┌──

Lemma fm_project (E : {set T}) : exists s,
  [/\ {in s, forall l c, 0 <= l c},
      {in s, forall l t, t \notin E -> row_coef l t = 0}
    & forall x, all (row_sat x) s <-> exists2 y, {in E, y =1 x} & lp_feasible y].
Proof.
have [n] := ubnP #|~: E|; elim: n E => // n IH E.
have [Efull _|[t]] := set_0Vmem (~: E).
  exists unit_rows; split; [exact: unit_rows_ge0 | | move=> x; split].
  - by move=> l _ t; rewrite -in_setC Efull inE.
  - by move=> /unit_rowsP feas_x; exists x.
  move=> [y yx /unit_rowsP /allP sat_y]; apply/allP => l sl.
  have := sat_y l sl; rewrite /row_sat (@row_lhs_on E l y x) // => t.
  by rewrite -in_setC Efull inE.
rewrite in_setC => tE card_lt.
have [|s [s_ge0 s_out s_proj]] := IH (t |: E).
  rewrite -ltnS (leq_trans _ card_lt) // ltnS setCU setIC -setDE.
  by rewrite proper_card // properD1 // in_setC.
exists (fm_elim t s); split; [exact: fm_elim_ge0 | exact: fm_elim_coef0 | move=> x; split].
  move=> /fm_elim_complete[u /s_proj[y yx feas_y]]; exists y => // i iE.
  rewrite yx ?inE ?iE ?orbT // /upd; case: eqP => // it.
  by rewrite -it iE in tE.
move=> [y yx feas_y]; have /(fm_elim_sound t) /allP sat_y : all (row_sat y) s.
  by apply/s_proj; exists y.
apply/allP => l sl; have := sat_y l sl; rewrite /row_sat (@row_lhs_on E l y x) //.
exact: fm_elim_coef0 sl.
Qed.

End FourierMotzkin.

Section Farkas.
Variable R : realFieldType.
Implicit Types T C : finType.

Theorem farkas T C (A : C -> T -> R) (B : C -> R) :
  (exists x, lp_feasible A B x) \/
  exists l : C -> R,
    [/\ forall c, 0 <= l c, forall t, \sum_c l c * A c t = 0 & \sum_c l c * B c < 0].
Proof.
have [s [s_ge0 s_out s_proj]] := fm_project A B set0.
have [/s_proj[y _ feas_y]|/allPn[l sl]] := boolP (all (row_sat A B (fun _ => 0)) s).
  by left; exists y.
rewrite /row_sat /row_lhs big1 => [|t _]; last by rewrite mulr0.
rewrite -ltNge => rhs_lt0; right; exists l; split=> // [c|t]; first exact: s_ge0.
by apply: s_out; rewrite ?inE.
Qed.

└──

**Try it**
Once you have read the records, write every one of them out again exactly.

**Answer space**
Lemma fm_project (E : {set T}) : exists s,
  [/\ {in s, forall l c, 0 <= l c},
      {in s, forall l t, t \notin E -> row_coef l t = 0}
    & forall x, all (row_sat x) s <-> exists2 y, {in E, y =1 x} & lp_feasible y].
Proof.
have [n] := ubnP #|~: E|; elim: n E => // n IH E.
have [Efull _|[t]] := set_0Vmem (~: E).
  exists unit_rows; split; [exact: unit_rows_ge0 | | move=> x; split].
  - by move=> l _ t; rewrite -in_setC Efull inE.
  - by move=> /unit_rowsP feas_x; exists x.
  move=> [y yx /unit_rowsP /allP sat_y]; apply/allP => l sl.
  have := sat_y l sl; rewrite /row_sat (@row_lhs_on E l y x) // => t.
  by rewrite -in_setC Efull inE.
rewrite in_setC => tE card_lt.
have [|s [s_ge0 s_out s_proj]] := IH (t |: E).
  rewrite -ltnS (leq_trans _ card_lt) // ltnS setCU setIC -setDE.
  by rewrite proper_card // properD1 // in_setC.
exists (fm_elim t s); split; [exact: fm_elim_ge0 | exact: fm_elim_coef0 | move=> x; split].
  move=> /fm_elim_complete[u /s_proj[y yx feas_y]]; exists y => // i iE.
  rewrite yx ?inE ?iE ?orbT // /upd; case: eqP => // it.
  by rewrite -it iE in tE.
move=> [y yx feas_y]; have /(fm_elim_sound t) /allP sat_y : all (row_sat y) s.
  by apply/s_proj; exists y.
apply/allP => l sl; have := sat_y l sl; rewrite /row_sat (@row_lhs_on E l y x) //.
exact: fm_elim_coef0 sl.
Qed.

End FourierMotzkin.

Section Farkas.
Variable R : realFieldType.
Implicit Types T C : finType.

Theorem farkas T C (A : C -> T -> R) (B : C -> R) :
  (exists x, lp_feasible A B x) \/
  exists l : C -> R,
    [/\ forall c, 0 <= l c, forall t, \sum_c l c * A c t = 0 & \sum_c l c * B c < 0].
Proof.
have [s [s_ge0 s_out s_proj]] := fm_project A B set0.
have [/s_proj[y _ feas_y]|/allPn[l sl]] := boolP (all (row_sat A B (fun _ => 0)) s).
  by left; exists y.
rewrite /row_sat /row_lhs big1 => [|t _]; last by rewrite mulr0.
rewrite -ltNge => rhs_lt0; right; exists l; split=> // [c|t]; first exact: s_ge0.
by apply: s_out; rewrite ?inE.
Qed.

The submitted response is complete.